The game of Go has long been viewed as the most challenging of classic games for artificial intelligence because of its enormous search space and the difficulty of evaluating board positions and moves.
New approaches were introduced by the authors of this research article. In one of the new approaches, the AI Player of the Go Game uses value networks and policy networks. In addition to this, the authors also introduced a new search algorithm called the Monte Carlo Tree Search where the new algorithm combines Monte Carlo simulation with value and policy networks.
- “Value Networks” is a deep neural networks to evaluate board positions.
- “Policy Networks” is a deep neural networks to choose the moves.
- “Monte Carlo Tree Search” is a search algorithm that combines neural network evaluations with Monte Carlo Tree Search outcomes.
These two deep neural networks (value networks and policy networks) are trained by a novel combination of supervised learning from human expert games, and reinforcement learning from games of self-play. Additionally, using the Monte Carlo Tree Search algorithm, AlphaGo was able to achieve a 99.8% winning rate against other Go programs. As a result of it, AlphaGo was also able to defeat the human European Go champion 5 to 0. This was the first time in History a computer program was able to defat a human professional player in the full-size game of Go.
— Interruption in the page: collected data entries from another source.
(* For every integer $c\ge 1$, the functor $G\mapsto G/\Gamma_{c+1}(G)$ on groups is conditionally flat. In other words, if $1\to K\to G\to Q\to 1$ is an extension such that $1\to K/\Gamma_{c+1}K\to G/\Gamma_{c+1}G\to Q/\Gamma_{c+1}Q\to 1$ is again a short exact sequence, then for every homomorphism $X\to Q$ the pullback extension $1\to K\to G\times_Q X\to X\to 1$ has the same property.
   Context: The lower central series of a group $G$ is $\Gamma_1(G)=G$, $\Gamma_{i+1}(G)=[\Gamma_i(G),G]$; so $G/\Gamma_{c+1}(G)$ is the largest quotient of $G$ that is nilpotent of class at most $c$ (for $c=1$ this is the abelianization). A functor $L$ on groups is conditionally flat if for every extension $1\to N\to E\to Q\to 1$ such that $1\to LN\to LE\to LQ\to 1$ is short exact, and every homomorphism $Q'\to Q$, the pullback extension $1\to N\to E\times_Q Q'\to Q'\to 1$ also becomes short exact after applying $L$. *)

From Stdlib Require Import ProofIrrelevance Setoid.

Set Implicit Arguments.
Unset Strict Implicit.

Record group := Group {
  carrier :> Type;
  gmul : carrier -> carrier -> carrier;
  ginv : carrier -> carrier;
  gone : carrier;
  gmulA : forall x y z, gmul x (gmul y z) = gmul (gmul x y) z;
  gmul1 : forall x, gmul gone x = x;
  gmulV : forall x, gmul (ginv x) x = gone }.

Arguments gmul {g} x y.
Arguments ginv {g} x.
Arguments gone {g}.

Section GroupFacts.
Variable G : group.



Lemma gmulVr (x : G) : gmul x (ginv x) = gone.
Proof.
  transitivity (gmul (gmul (ginv (ginv x)) (ginv x)) (gmul x (ginv x))).
  - rewrite gmulV, gmul1; reflexivity.
  - rewrite <- gmulA, (gmulA (ginv x) x), gmulV, gmul1, gmulV; reflexivity.
Qed.

Lemma gmul1r (x : G) : gmul x gone = x.
Proof. rewrite <- (gmulV x), gmulA, gmulVr, gmul1; reflexivity. Qed.

Lemma ginv_uniq (a b : G) : gmul a b = gone -> a = ginv b.
Proof.
  intro H. rewrite <- (gmul1r a), <- (gmulVr b), gmulA, H, gmul1; reflexivity.
Qed.
End GroupFacts.

Record hom (G H : group) := Hom {
  hfun :> G -> H;
  hmul : forall x y, hfun (gmul x y) = gmul (hfun x) (hfun y) }.

Lemma hom1 (G H : group) (f : hom G H) : f gone = gone.
Proof.
  assert (E : gmul (f gone) (f gone) = f gone) by (rewrite <- hmul, gmul1; reflexivity).
  rewrite <- (gmul1r (f gone)), <- (gmulVr (f gone)), gmulA, E, gmulVr.
  reflexivity.
Qed.

Lemma homV (G H : group) (f : hom G H) (x : G) : f (ginv x) = ginv (f x).
Proof. apply ginv_uniq. rewrite <- hmul, gmulV. apply hom1. Qed.

Inductive gen (G : group) (P : G -> Prop) : G -> Prop :=
| gen_base x : P x -> gen P x
| gen_one : gen P gone
| gen_mul x y : gen P x -> gen P y -> gen P (gmul x y)
| gen_inv x : gen P x -> gen P (ginv x).

Definition comm (G : group) (x y : G) : G :=
  gmul (gmul (ginv x) (ginv y)) (gmul x y).

(* lcs G k = Gamma_{k+1}(G): lcs G 0 = G, lcs G (k+1) = [lcs G k, G] *)
Fixpoint lcs (G : group) (k : nat) : G -> Prop :=
  match k with
  | O => fun _ => True
  | S k' => @gen G (fun z : G => exists a b : G, @lcs G k' a /\ z = comm a b)
  end.
Arguments lcs : clear implicits.

(* Lower central series with the paper's indexing: Gamma G 1 = G,
   Gamma G (i+1) = [Gamma G i, G]. *)
Definition Gamma (G : group) (n : nat) : G -> Prop := lcs G (Nat.pred n).
Arguments Gamma : clear implicits.

(* x and y have the same image in G / Gamma_n(G) *)
Definition modeq (G : group) (n : nat) (x y : G) : Prop :=
  Gamma G n (gmul (ginv x) y).

Definition ses (K G Q : group) (i : hom K G) (p : hom G Q) : Prop :=
  (forall a b, i a = i b -> a = b) /\
  (forall q, exists g, p g = q) /\
  (forall g, p g = gone <-> exists k, i k = g).

(* 1 -> K/Gamma_n K -> G/Gamma_n G -> Q/Gamma_n Q -> 1 (induced maps)
   is short exact, written out on representatives. *)
Definition ses_quot (n : nat) (K G Q : group) (i : hom K G) (p : hom G Q) : Prop :=
  (forall a b, modeq n (i a) (i b) -> modeq n a b) /\
  (forall q, exists g, modeq n (p g) q) /\
  (forall g, modeq n (p g) gone <-> exists k, modeq n (i k) g).

Lemma ses_comp (K G Q : group) (i : hom K G) (p : hom G Q) :
  ses i p -> forall k, p (i k) = gone.
Proof. intros [_ [_ H]] k. apply H. exists k; reflexivity. Qed.

Section Pullback.
Variables (G Q X : group) (p : hom G Q) (f : hom X Q).

Definition pb_car := { gx : G * X | p (fst gx) = f (snd gx) }.

Lemma pb_eq (a b : G * X) (Ha : p (fst a) = f (snd a)) (Hb : p (fst b) = f (snd b)) :
  a = b -> exist _ a Ha = exist _ b Hb :> pb_car.
Proof. intros ->. f_equal. apply proof_irrelevance. Qed.

Definition pb_mul (u v : pb_car) : pb_car.
Proof.
  refine (exist _ (gmul (fst (proj1_sig u)) (fst (proj1_sig v)),
                   gmul (snd (proj1_sig u)) (snd (proj1_sig v))) _).
  simpl. rewrite !hmul, (proj2_sig u), (proj2_sig v). reflexivity.
Defined.

Definition pb_inv (u : pb_car) : pb_car.
Proof.
  refine (exist _ (ginv (fst (proj1_sig u)), ginv (snd (proj1_sig u))) _).
  simpl. rewrite !homV, (proj2_sig u). reflexivity.
Defined.

Definition pb_one : pb_car.
Proof.
  refine (exist _ (gone, gone) _). simpl. rewrite !hom1. reflexivity.
Defined.

Lemma pb_mulA (x y z : pb_car) : pb_mul x (pb_mul y z) = pb_mul (pb_mul x y) z.
Proof. destruct x as [[] ?], y as [[] ?], z as [[] ?]; apply pb_eq; simpl; rewrite !gmulA; reflexivity. Qed.

Lemma pb_mul1 (x : pb_car) : pb_mul pb_one x = x.
Proof. destruct x as [[] ?]; apply pb_eq; simpl; rewrite !gmul1; reflexivity. Qed.

Lemma pb_mulV (x : pb_car) : pb_mul (pb_inv x) x = pb_one.
Proof. destruct x as [[] ?]; apply pb_eq; simpl; rewrite !gmulV; reflexivity. Qed.

Definition pullback : group := Group pb_mulA pb_mul1 pb_mulV.

Definition pb_pr : hom pullback X := @Hom pullback X (fun u => snd (proj1_sig u)) (fun _ _ => eq_refl).

Definition pb_in_fun (K : group) (i : hom K G) (Hpi : forall k, p (i k) = gone)
  (k : K) : pullback.
Proof. refine (exist _ (i k, gone) _). simpl. rewrite Hpi, hom1. reflexivity. Defined.

Lemma pb_in_mul (K : group) (i : hom K G) (Hpi : forall k, p (i k) = gone) (x y : K) :
  pb_in_fun Hpi (gmul x y) = gmul (pb_in_fun Hpi x) (pb_in_fun Hpi y).
Proof. apply pb_eq; simpl. rewrite hmul, gmul1. reflexivity. Qed.

Definition pb_in (K : group) (i : hom K G) (Hpi : forall k, p (i k) = gone) :
  hom K pullback := Hom (pb_in_mul Hpi).
End Pullback.


Set Implicit Arguments.
Unset Strict Implicit.

(* The proof rests on two observations, valid for every n:
   - For any short exact sequence 1 -> K -> G -> Q -> 1, the induced sequence
     of quotients by Gamma_n is automatically exact at G/Gamma_n G and at
     Q/Gamma_n Q: the lower central series is functorial and a surjection maps
     Gamma_n G onto Gamma_n Q.  Hence [ses_quot n i p] amounts to the
     injectivity of K/Gamma_n K -> G/Gamma_n G (lemma [ses_quot_of_injective]).
   - The pullback 1 -> K -> G x_Q X -> X -> 1 is again short exact, and the
     inclusion of K into G x_Q X followed by the first projection to G is the
     original inclusion of K into G.  Since homomorphisms preserve congruence
     modulo Gamma_n, injectivity modulo Gamma_n for the original extension
     forces it for the pullback. *)

Lemma ginv_mul (G : group) (a b : G) : ginv (gmul a b) = gmul (ginv b) (ginv a).
Proof.
  symmetry. apply ginv_uniq.
  rewrite <- gmulA, (gmulA (ginv a) a), gmulV, gmul1, gmulV. reflexivity.
Qed.

Lemma ginv_one (G : group) : ginv (@gone G) = gone.
Proof. symmetry. apply ginv_uniq. apply gmul1. Qed.

Lemma ginv_inv (G : group) (a : G) : ginv (ginv a) = a.
Proof. symmetry. apply ginv_uniq. apply gmulVr. Qed.

Lemma lcs_one (G : group) (k : nat) : lcs G k gone.
Proof. destruct k; simpl; [exact I | apply gen_one]. Qed.

Lemma lcs_inv (G : group) (k : nat) (x : G) : lcs G k x -> lcs G k (ginv x).
Proof. destruct k; simpl; [intros; exact I | apply gen_inv]. Qed.

Lemma lcs_hom (G H : group) (f : hom G H) (k : nat) (x : G) :
  lcs G k x -> lcs H k (f x).
Proof.
  revert x. induction k as [|k IH]; simpl; intros x Hx; [exact I|].
  induction Hx as [z [a [b [Ha ->]]] | | x y _ IHx _ IHy | x _ IHx].
  - apply gen_base. exists (f a), (f b). split; [apply IH; exact Ha|].
    unfold comm. rewrite !hmul, !homV. reflexivity.
  - rewrite hom1. apply gen_one.
  - rewrite hmul. apply gen_mul; assumption.
  - rewrite homV. apply gen_inv; assumption.
Qed.

(* A surjective homomorphism maps Gamma_k G onto Gamma_k H: every generating
   commutator of H lifts to a commutator of G. *)
Lemma lcs_surj (G H : group) (f : hom G H) (Hsurj : forall y, exists x, f x = y)
  (k : nat) (y : H) : lcs H k y -> exists x, lcs G k x /\ f x = y.
Proof.
  revert y. induction k as [|k IH]; simpl; intros y Hy.
  - destruct (Hsurj y) as [x Hx]. exists x; split; [exact I | exact Hx].
  - induction Hy as [z [a [b [Ha ->]]] | | x y _ IHx _ IHy | x _ IHx].
    + destruct (IH a Ha) as [a' [Ha' Ea]]. destruct (Hsurj b) as [b' Eb].
      exists (comm a' b'). split.
      * apply gen_base. exists a', b'. split; [exact Ha' | reflexivity].
      * unfold comm. rewrite !hmul, !homV, Ea, Eb. reflexivity.
    + exists gone. split; [apply gen_one | apply hom1].
    + destruct IHx as [x' [Hx' Ex]], IHy as [y' [Hy' Ey]].
      exists (gmul x' y'). split; [apply gen_mul; assumption|].
      rewrite hmul, Ex, Ey. reflexivity.
    + destruct IHx as [x' [Hx' Ex]].
      exists (ginv x'). split; [apply gen_inv; assumption|].
      rewrite homV, Ex. reflexivity.
Qed.

Lemma modeq_hom (G H : group) (f : hom G H) (n : nat) (x y : G) :
  modeq n x y -> modeq n (f x) (f y).
Proof.
  unfold modeq, Gamma. intro Hxy.
  rewrite <- homV, <- hmul. exact (lcs_hom f Hxy).
Qed.

Lemma ses_quot_of_injective (K G Q : group) (i : hom K G) (p : hom G Q) (n : nat) :
  ses i p ->
  (forall a b, modeq n (i a) (i b) -> modeq n a b) ->
  ses_quot n i p.
Proof.
  intros Hses Hinj. pose proof Hses as [_ [Hsurj Hker]].
  split; [exact Hinj | split]; unfold modeq, Gamma.
  - intro q. destruct (Hsurj q) as [g Hg]. exists g.
    rewrite Hg, gmulV. apply lcs_one.
  - intro g. split.
    + intro Hg. rewrite gmul1r in Hg. apply lcs_inv in Hg. rewrite ginv_inv in Hg.
      (* lift p g to y in Gamma_n G; then g y^-1 lies in the kernel of p *)
      destruct (lcs_surj Hsurj Hg) as [y [Hy Ey]].
      destruct (proj1 (Hker (gmul g (ginv y)))) as [k Hk].
      { rewrite hmul, homV, Ey, gmulVr. reflexivity. }
      exists k. rewrite Hk, ginv_mul, ginv_inv, <- gmulA, gmulV, gmul1r. exact Hy.
    + intros [k Hk]. apply (lcs_hom p) in Hk.
      rewrite hmul, homV, (ses_comp Hses k) in Hk.
      rewrite ginv_one, gmul1 in Hk.
      rewrite gmul1r. apply lcs_inv. exact Hk.
Qed.

Definition pb_fst (G Q X : group) (p : hom G Q) (f : hom X Q) : hom (pullback p f) G :=
  @Hom (pullback p f) G (fun u => fst (proj1_sig u)) (fun _ _ => eq_refl).

Lemma pullback_ses (K G Q X : group) (i : hom K G) (p : hom G Q) (f : hom X Q)
  (Hpi : forall k, p (i k) = gone) :
  ses i p -> ses (pb_in f Hpi) (pb_pr p f).
Proof.
  intros [Hinj [Hsurj Hker]]. split; [|split].
  - intros a b E. apply Hinj. exact (f_equal (fun u => fst (proj1_sig u)) E).
  - intro x. destruct (Hsurj (f x)) as [g Hg].
    exists (exist _ (g, x) Hg : pb_car p f). reflexivity.
  - intros [[g x] Hgx]. simpl. split.
    + intros ->. assert (Hpg : p g = gone) by (exact (eq_trans Hgx (hom1 f))).
      destruct (proj1 (Hker g) Hpg) as [k Hk]. exists k.
      apply pb_eq. simpl. rewrite Hk. reflexivity.
    + intros [k Hk]. apply (f_equal (fun u => snd (proj1_sig u))) in Hk.
      symmetry. exact Hk.
Qed.

(* Injectivity of K/Gamma_n K -> G/Gamma_n G passes to the pullback, because
   the inclusion of K into G x_Q X composed with [pb_fst] is i. *)
Lemma pullback_injective_mod (K G Q X : group) (i : hom K G) (p : hom G Q)
  (f : hom X Q) (Hpi : forall k, p (i k) = gone) (n : nat) :
  (forall a b, modeq n (i a) (i b) -> modeq n a b) ->
  forall a b, modeq n (pb_in f Hpi a) (pb_in f Hpi b) -> modeq n a b.
Proof.
  intros Hinj a b Hab. apply Hinj. exact (modeq_hom (pb_fst p f) Hab).
Qed.

Theorem corollary3p7 :
  forall (c : nat), 1 <= c ->
  forall (K G Q : group) (i : hom K G) (p : hom G Q) (Hses : ses i p),
  ses_quot (S c) i p ->
  forall (X : group) (f : hom X Q),
  ses_quot (S c) (@pb_in G Q X p f K i (ses_comp Hses)) (@pb_pr G Q X p f).
Proof.
  intros c _ K G Q i p Hses [Hinj _] X f.
  apply ses_quot_of_injective.
  - apply pullback_ses. exact Hses.
  - apply pullback_injective_mod. exact Hinj.
Qed.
To sum up, the Go game has enormous search space and the difficulty of evaluating board positions and moves. The computer program called AlphaGo was able to make huge significant accomplishments and defatted a human professional player for the first time of the full-size game of Go.
Previously, the Deep Blue is the chess machine which defeated the World Chess Champion, Garry Kasparov, in a six-game match in 1997. In its chess game against Kasparov, AlphaGo evaluated thousands of times fewer positions than Deep Blue did in its chess match against Kasparov; compensating by selecting positions more intelligently using the policy networks and the value networks. AlphaGo did this by evaluating the positions more precisely which has been also identified as an approach closer to how humans played during the match between the AlphaGo and Fan Hui.
The AlphaGo was able to reach a professional level in Go game for the first time by combining Monte Carlo Tree Search with policy and value networks. This accomplishment provides a real hope for human-level performance that can now be achieved in other seemingly intractable artificial intelligence domains.
- “AlphaGo” is a narrow AI, computer program developed by Alphabet Inc.’s Google DeepMind in London to play the board game Go. In October 2015, it became the first Computer Go program to beat a human professional Go player without handicaps on a full-sized 19×19 board.
- “Deep Blue” is a chess machine which defeated World Chess Champion.
- “Fan Hui” is the European champion of Go game.
References: AlphaGo nature paper